===== STUDY MATERIAL =====
(* Let $a>0$, $b>0$, $c>0$ and consider the equation $u_t+ax^2u_{xx}+bx^3u_{xx}^2+cxu_x-cu=0$ for $t>0$, $x>0$. Let $c_1,c_2$ be arbitrary real constants and $\varepsilon,\delta\in\{1,-1\}$. Each of the following functions is an exact solution: (1) $u=c_1e^{ct}+\frac{a}{2b}x\left(c_2+\frac{a+2c}{2}t-\log x\right)$; (2) $u=(c_1-ct)e^{ct}+4\delta e^{\frac c2t}\sqrt{\frac{cx}{b}}+\frac{a}{2b}x\left(c_2+\frac{a+2c}{2}t-\log x\right)$; (3) $u=c_1e^{ct}+\frac{a+2\varepsilon c}{2b}x\left(c_2+\frac{a+2(1-\varepsilon)c}{2}t-\log x\right)$; (4) $u=\varepsilon c_1^2e^{(1-\varepsilon)ct}+4\delta c_1e^{\frac c2(1-\varepsilon)t}\sqrt{\frac{cx}{b}}+\frac{a+2\varepsilon c}{2b}x\left(c_2+\frac{a+2(1-\varepsilon)c}{2}t-\log x\right)$; (5) $u=\frac{cx}{b}\left\{c_1+\left[\varepsilon c+\frac a2\left(1+\frac{a}{2c}\right)\right]t-\frac{a}{2c}\log x+\frac{1}{2k}\left(\delta\sqrt{1-4\varepsilon k^2}-1\right)\left[\left(\frac1k-1\right)ct+\log x\right]\right\}$, where $k\neq0$ if $\varepsilon=-1$, and $0<|k|\le\frac12$ if $\varepsilon=1$.
   Context: $\log$ denotes the natural logarithm. *)

From Stdlib Require Import Reals.
From Coquelicot Require Import Coquelicot.
Open Scope R_scope.

Definition solves (a b c : R) (u : R -> R -> R) : Prop :=
  forall t x : R, 0 < t -> 0 < x ->
    ex_derive (fun s => u s x) t /\
    (forall y, 0 < y -> ex_derive (fun z => u t z) y) /\
    ex_derive (fun y => Derive (fun z => u t z) y) x /\
    Derive (fun s => u s x) t
      + a * x ^ 2 * Derive (fun y => Derive (fun z => u t z) y) x
      + b * x ^ 3 * (Derive (fun y => Derive (fun z => u t z) y) x) ^ 2
      + c * x * Derive (fun z => u t z) x
      - c * u t x = 0.

(** Every listed solution has the form [u = p(t) + q(t) sqrt x + x (r(t) - K log x)].
    For this ansatz [x^3 u_xx^2 = (q/4 + K sqrt x)^2] and the [x log x] terms cancel,
    so the equation splits along [1], [sqrt x], [x] into the system
    [p' = c p - b q^2/16], [q' = (a/4 + c/2 - b K/2) q], [r' = K (a + c - b K)].
    Taking [K = (a + 2 e c)/(2b)] gives (1)-(4): [q] is an exponential and [p] solves a
    linear equation driven by [q^2], which is resonant for (2).  In (5) [p = q = 0], and
    the condition on [r'] says that the coefficient [mu] of [(1/k - 1) c t + log x] is a
    root of [k mu^2 + mu + eps k = 0], which the quadratic formula provides. *)
From Stdlib Require Import Reals Lra Psatz.
From Coquelicot Require Import Coquelicot.
Open Scope R_scope.

Lemma locally_pos (x : R) : 0 < x -> locally x (fun y => 0 < y).
Proof. exact (open_gt 0 x). Qed.

Lemma solves_ext (a b c : R) (u v : R -> R -> R) :
  (forall t x, 0 < x -> u t x = v t x) -> solves a b c v -> solves a b c u.
Proof.
  intros Huv Hv t x Ht Hx.
  destruct (Hv t x Ht Hx) as (Dt & Dx & Dxx & Heq).
  assert (Ht_eq : forall s, v s x = u s x) by (intros s; symmetry; auto).
  assert (Hx_eq : forall y, 0 < y -> locally y (fun z => v t z = u t z)).
  { intros y Hy. apply (filter_imp (fun z => 0 < z)); [|exact (locally_pos y Hy)].
    intros z Hz. symmetry. auto. }
  assert (HD : locally x
                 (fun y => Derive (fun z => v t z) y = Derive (fun z => u t z) y)).
  { apply (filter_imp (fun y => 0 < y)); [|exact (locally_pos x Hx)].
    intros y Hy. exact (Derive_ext_loc _ _ _ (Hx_eq y Hy)). }
  split; [|split; [|split]].
  - exact (ex_derive_ext _ _ _ Ht_eq Dt).
  - intros y Hy. exact (ex_derive_ext_loc _ _ _ (Hx_eq y Hy) (Dx y Hy)).
  - exact (ex_derive_ext_loc _ _ _ HD Dxx).
  - assert (Dxx_eq : Derive (fun y => Derive (fun z => v t z) y) x
                     = Derive (fun y => Derive (fun z => u t z) y) x)
      by exact (Derive_ext_loc _ _ _ HD).
    assert (Dx_eq : Derive (fun z => v t z) x = Derive (fun z => u t z) x)
      by exact (Derive_ext_loc _ _ _ (Hx_eq x Hx)).
    rewrite (Derive_ext _ _ _ Ht_eq), Dxx_eq, Dx_eq, <- Huv in Heq by exact Hx.
    exact Heq.
Qed.

Definition sqrt_log_ansatz (p q r : R -> R) (K t x : R) : R :=
  p t + q t * sqrt x + x * (r t - K * ln x).

Section SqrtLogAnsatz.

Variables (p q r : R -> R) (K : R).

Lemma sqrt_log_ansatz_derive_x (t y : R) : 0 < y ->
  is_derive (fun z => sqrt_log_ansatz p q r K t z) y
    (q t / (2 * sqrt y) + r t - K * ln y - K).
Proof.
  intros Hy. unfold sqrt_log_ansatz.
  assert (0 < sqrt y) by (apply sqrt_lt_R0; exact Hy).
  auto_derive.
  - repeat split; auto.
  - field. split; lra.
Qed.

Lemma sqrt_log_ansatz_derive_xx (t x : R) : 0 < x ->
  is_derive (fun y => Derive (fun z => sqrt_log_ansatz p q r K t z) y) x
    (- q t / (4 * x * sqrt x) - K / x).
Proof.
  intros Hx.
  apply is_derive_ext_loc with (fun y => q t / (2 * sqrt y) + r t - K * ln y - K).
  { apply (filter_imp (fun y => 0 < y)); [|exact (locally_pos x Hx)].
    intros y Hy. symmetry. apply is_derive_unique, sqrt_log_ansatz_derive_x, Hy. }
  assert (Hs : 0 < sqrt x) by (apply sqrt_lt_R0; exact Hx).
  assert (Hss : sqrt x * sqrt x = x) by (apply sqrt_sqrt; lra).
  auto_derive.
  - repeat split; lra.
  - set (s := sqrt x) in *. rewrite <- Hss. field. lra.
Qed.

Variables (a b c : R).
Hypothesis Hp : forall t, is_derive p t (c * p t - b * q t ^ 2 / 16).
Hypothesis Hq : forall t, is_derive q t ((a / 4 + c / 2 - b * K / 2) * q t).
Hypothesis Hr : forall t, is_derive r t (K * (a + c - b * K)).

Lemma sqrt_log_ansatz_derive_t (t x : R) :
  is_derive (fun s => sqrt_log_ansatz p q r K s x) t
    (c * p t - b * q t ^ 2 / 16 + (a / 4 + c / 2 - b * K / 2) * q t * sqrt x
     + x * (K * (a + c - b * K))).
Proof.
  unfold sqrt_log_ansatz.
  auto_derive.
  - repeat split; eexists; eauto.
  - replace (Derive (fun s => p s) t) with (c * p t - b * q t ^ 2 / 16)
      by (symmetry; apply is_derive_unique, Hp).
    replace (Derive (fun s => q s) t) with ((a / 4 + c / 2 - b * K / 2) * q t)
      by (symmetry; apply is_derive_unique, Hq).
    replace (Derive (fun s => r s) t) with (K * (a + c - b * K))
      by (symmetry; apply is_derive_unique, Hr).
    ring.
Qed.

Lemma solves_sqrt_log_ansatz : solves a b c (sqrt_log_ansatz p q r K).
Proof.
  intros t x Ht Hx.
  pose proof (sqrt_log_ansatz_derive_t t x) as Dt.
  pose proof (sqrt_log_ansatz_derive_x t x Hx) as Dx.
  pose proof (sqrt_log_ansatz_derive_xx t x Hx) as Dxx.
  split; [eexists; exact Dt|].
  split; [intros y Hy; eexists; exact (sqrt_log_ansatz_derive_x t y Hy)|].
  split; [eexists; exact Dxx|].
  assert (Et : Derive (fun s => sqrt_log_ansatz p q r K s x) t
               = c * p t - b * q t ^ 2 / 16 + (a / 4 + c / 2 - b * K / 2) * q t * sqrt x
                 + x * (K * (a + c - b * K)))
    by exact (is_derive_unique _ _ _ Dt).
  assert (Ex : Derive (fun z => sqrt_log_ansatz p q r K t z) x
               = q t / (2 * sqrt x) + r t - K * ln x - K)
    by exact (is_derive_unique _ _ _ Dx).
  assert (Exx : Derive (fun y => Derive (fun z => sqrt_log_ansatz p q r K t z) y) x
                = - q t / (4 * x * sqrt x) - K / x)
    by exact (is_derive_unique _ _ _ Dxx).
  rewrite Et, Ex, Exx.
  unfold sqrt_log_ansatz.
  assert (Hs : 0 < sqrt x) by (apply sqrt_lt_R0; exact Hx).
  assert (Hss : sqrt x * sqrt x = x) by (apply sqrt_sqrt; lra).
  set (s := sqrt x) in *. rewrite <- Hss. field. lra.
Qed.

End SqrtLogAnsatz.

Section Families.

Variables (a b c : R).
Hypotheses (hb : 0 < b) (hc : 0 < c).

Lemma solves_exp_sqrt_family (e m c2 : R) (p : R -> R) :
  (forall t, is_derive p t (c * p t - c * m ^ 2 * exp ((1 - e) * c * t))) ->
  solves a b c (fun t x =>
    p t + 4 * m * exp (c / 2 * (1 - e) * t) * sqrt (c * x / b)
    + (a + 2 * e * c) / (2 * b) * x * (c2 + (a + 2 * (1 - e) * c) / 2 * t - ln x)).
Proof.
  intros Hp.
  set (K := (a + 2 * e * c) / (2 * b)).
  set (E := fun t => exp (c / 2 * (1 - e) * t)).
  assert (Hcb : 0 <= c / b) by (apply Rlt_le, Rdiv_lt_0_compat; assumption).
  assert (HE : forall t, E t ^ 2 = exp ((1 - e) * c * t)).
  { intros t. unfold E.
    replace ((1 - e) * c * t) with (c / 2 * (1 - e) * t + c / 2 * (1 - e) * t) by field.
    rewrite exp_plus. ring. }
  apply solves_ext with
    (sqrt_log_ansatz p (fun t => 4 * m * sqrt (c / b) * E t)
       (fun t => K * (c2 + (a + 2 * (1 - e) * c) / 2 * t)) K).
  { intros t x _. unfold sqrt_log_ansatz, E.
    replace (c * x / b) with (c / b * x) by (field; lra).
    rewrite sqrt_mult_alt by exact Hcb.
    ring. }
  apply solves_sqrt_log_ansatz.
  - intros t.
    assert (Hq2 : b * (4 * m * sqrt (c / b) * E t) ^ 2 / 16
                  = c * m ^ 2 * exp ((1 - e) * c * t)).
    { rewrite <- HE, !Rpow_mult_distr, pow2_sqrt by exact Hcb. field. lra. }
    rewrite Hq2. apply Hp.
  - intros t. unfold E. auto_derive; [exact I|]. unfold K. field. lra.
  - intros t. auto_derive; [exact I|]. unfold K. field. lra.
Qed.

Lemma solves_linear_family (e c1 c2 : R) :
  solves a b c (fun t x =>
    c1 * exp (c * t)
    + (a + 2 * e * c) / (2 * b) * x * (c2 + (a + 2 * (1 - e) * c) / 2 * t - ln x)).
Proof.
  apply solves_ext with (fun t x =>
    c1 * exp (c * t) + 4 * 0 * exp (c / 2 * (1 - e) * t) * sqrt (c * x / b)
    + (a + 2 * e * c) / (2 * b) * x * (c2 + (a + 2 * (1 - e) * c) / 2 * t - ln x)).
  { intros t x _. ring. }
  apply solves_exp_sqrt_family.
  intros t. auto_derive; [exact I|]. ring.
Qed.

Lemma solves_resonant_family (delta c1 c2 : R) : delta ^ 2 = 1 ->
  solves a b c (fun t x =>
    (c1 - c * t) * exp (c * t) + 4 * delta * exp (c / 2 * t) * sqrt (c * x / b)
    + a / (2 * b) * x * (c2 + (a + 2 * c) / 2 * t - ln x)).
Proof.
  intros Hdelta.
  apply solves_ext with (fun t x =>
    (c1 - c * t) * exp (c * t) + 4 * delta * exp (c / 2 * (1 - 0) * t) * sqrt (c * x / b)
    + (a + 2 * 0 * c) / (2 * b) * x * (c2 + (a + 2 * (1 - 0) * c) / 2 * t - ln x)).
  { intros t x _. cbv beta.
    replace (c / 2 * (1 - 0) * t) with (c / 2 * t) by ring.
    field. lra. }
  apply solves_exp_sqrt_family.
  intros t. rewrite Hdelta. replace ((1 - 0) * c * t) with (c * t) by ring.
  auto_derive; [exact I|]. ring.
Qed.

Lemma solves_sqrt_family (eps delta c1 c2 : R) :
  (eps = 1 \/ eps = -1) -> delta ^ 2 = 1 ->
  solves a b c (fun t x =>
    eps * c1 ^ 2 * exp ((1 - eps) * c * t)
    + 4 * delta * c1 * exp (c / 2 * (1 - eps) * t) * sqrt (c * x / b)
    + (a + 2 * eps * c) / (2 * b) * x * (c2 + (a + 2 * (1 - eps) * c) / 2 * t - ln x)).
Proof.
  intros Heps Hdelta.
  apply solves_ext with (fun t x =>
    eps * c1 ^ 2 * exp ((1 - eps) * c * t)
    + 4 * (delta * c1) * exp (c / 2 * (1 - eps) * t) * sqrt (c * x / b)
    + (a + 2 * eps * c) / (2 * b) * x * (c2 + (a + 2 * (1 - eps) * c) / 2 * t - ln x)).
  { intros t x _. ring. }
  apply solves_exp_sqrt_family.
  intros t. rewrite Rpow_mult_distr, Hdelta.
  auto_derive; [exact I|]. destruct Heps as [-> | ->]; ring.
Qed.

Lemma solves_log_family (eps k mu c1 : R) : k <> 0 -> k * mu ^ 2 + mu + eps * k = 0 ->
  solves a b c (fun t x =>
    c * x / b *
      (c1 + (eps * c + a / 2 * (1 + a / (2 * c))) * t - a / (2 * c) * ln x
       + mu * ((1 / k - 1) * c * t + ln x))).
Proof.
  intros Hk Hmu.
  set (K := (a / 2 - c * mu) / b).
  apply solves_ext with
    (sqrt_log_ansatz (fun _ => 0) (fun _ => 0)
       (fun t => c / b * (c1 + (eps * c + a / 2 * (1 + a / (2 * c))) * t
                          + mu * ((1 / k - 1) * c * t))) K).
  { intros t x _. unfold sqrt_log_ansatz, K. field. split; lra. }
  apply solves_sqrt_log_ansatz.
  - intros t. auto_derive; [exact I|]. field.
  - intros t. auto_derive; [exact I|]. ring.
  - intros t. auto_derive; [exact I|].
    replace eps with (eps * k / k) by (field; exact Hk).
    replace (eps * k) with (- (k * mu ^ 2 + mu)) by lra.
    unfold K. field. repeat split; lra.
Qed.

End Families.

Lemma quadratic_root (A B C D d : R) :
  A <> 0 -> 0 <= D -> D = B ^ 2 - 4 * A * C -> d ^ 2 = 1 ->
  let x := 1 / (2 * A) * (d * sqrt D - B) in A * x ^ 2 + B * x + C = 0.
Proof.
  intros HA HD HDisc Hd x.
  assert (Hx : 2 * A * x + B = d * sqrt D) by (unfold x; field; exact HA).
  replace (A * x ^ 2 + B * x + C) with (((2 * A * x + B) ^ 2 - (B ^ 2 - 4 * A * C)) / (4 * A))
    by (field; exact HA).
  rewrite Hx, <- HDisc, Rpow_mult_distr, Hd, pow2_sqrt by exact HD.
  field. exact HA.
Qed.

Theorem mainTheorem6 (a b c : R) (ha : 0 < a) (hb : 0 < b) (hc : 0 < c) :
  forall (c1 c2 eps delta : R),
    (eps = 1 \/ eps = -1) -> (delta = 1 \/ delta = -1) ->
    (* (1) *)
    solves a b c (fun t x =>
      c1 * exp (c * t) + a / (2 * b) * x * (c2 + (a + 2 * c) / 2 * t - ln x)) /\
    (* (2) *)
    solves a b c (fun t x =>
      (c1 - c * t) * exp (c * t) + 4 * delta * exp (c / 2 * t) * sqrt (c * x / b)
      + a / (2 * b) * x * (c2 + (a + 2 * c) / 2 * t - ln x)) /\
    (* (3) *)
    solves a b c (fun t x =>
      c1 * exp (c * t)
      + (a + 2 * eps * c) / (2 * b) * x
          * (c2 + (a + 2 * (1 - eps) * c) / 2 * t - ln x)) /\
    (* (4) *)
    solves a b c (fun t x =>
      eps * c1 ^ 2 * exp ((1 - eps) * c * t)
      + 4 * delta * c1 * exp (c / 2 * (1 - eps) * t) * sqrt (c * x / b)
      + (a + 2 * eps * c) / (2 * b) * x
          * (c2 + (a + 2 * (1 - eps) * c) / 2 * t - ln x)) /\
    (* (5) *)
    (forall k : R,
       (eps = -1 -> k <> 0) -> (eps = 1 -> 0 < Rabs k <= 1 / 2) ->
       solves a b c (fun t x =>
         c * x / b *
           (c1 + (eps * c + a / 2 * (1 + a / (2 * c))) * t
            - a / (2 * c) * ln x
            + 1 / (2 * k) * (delta * sqrt (1 - 4 * eps * k ^ 2) - 1)
                * ((1 / k - 1) * c * t + ln x)))).
Proof.
  intros c1 c2 eps delta Heps Hdelta.
  assert (Hdelta2 : delta ^ 2 = 1) by (destruct Hdelta as [-> | ->]; ring).
  split; [|split; [|split; [|split]]].
  - apply solves_ext with (2 := solves_linear_family a b c hb hc 0 c1 c2).
    intros t x _. field. lra.
  - exact (solves_resonant_family a b c hb hc delta c1 c2 Hdelta2).
  - exact (solves_linear_family a b c hb hc eps c1 c2).
  - exact (solves_sqrt_family a b c hb hc eps delta c1 c2 Heps Hdelta2).
  - intros k Hk_neg Hk_pos.
    assert (Hk : k <> 0).
    { destruct Heps as [He | He]; [|exact (Hk_neg He)].
      intros ->. rewrite Rabs_R0 in Hk_pos. destruct (Hk_pos He). lra. }
    assert (Hdisc : 0 <= 1 - 4 * eps * k ^ 2).
    { destruct Heps as [He | He]; subst eps; [|nra].
      rewrite <- pow2_abs. destruct (Hk_pos eq_refl). nra. }
    apply solves_log_family; [exact hb | exact hc | exact Hk |].
    pose proof (quadratic_root k 1 (eps * k) _ delta Hk Hdisc ltac:(ring) Hdelta2)
      as Hroot.
    cbv zeta in Hroot. lra.
Qed.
=====
● **TASK DETAILS**: From the records above, report the count of lines containing "Stdlib" and nothing more.

● **PROBLEM SOLUTION**: 2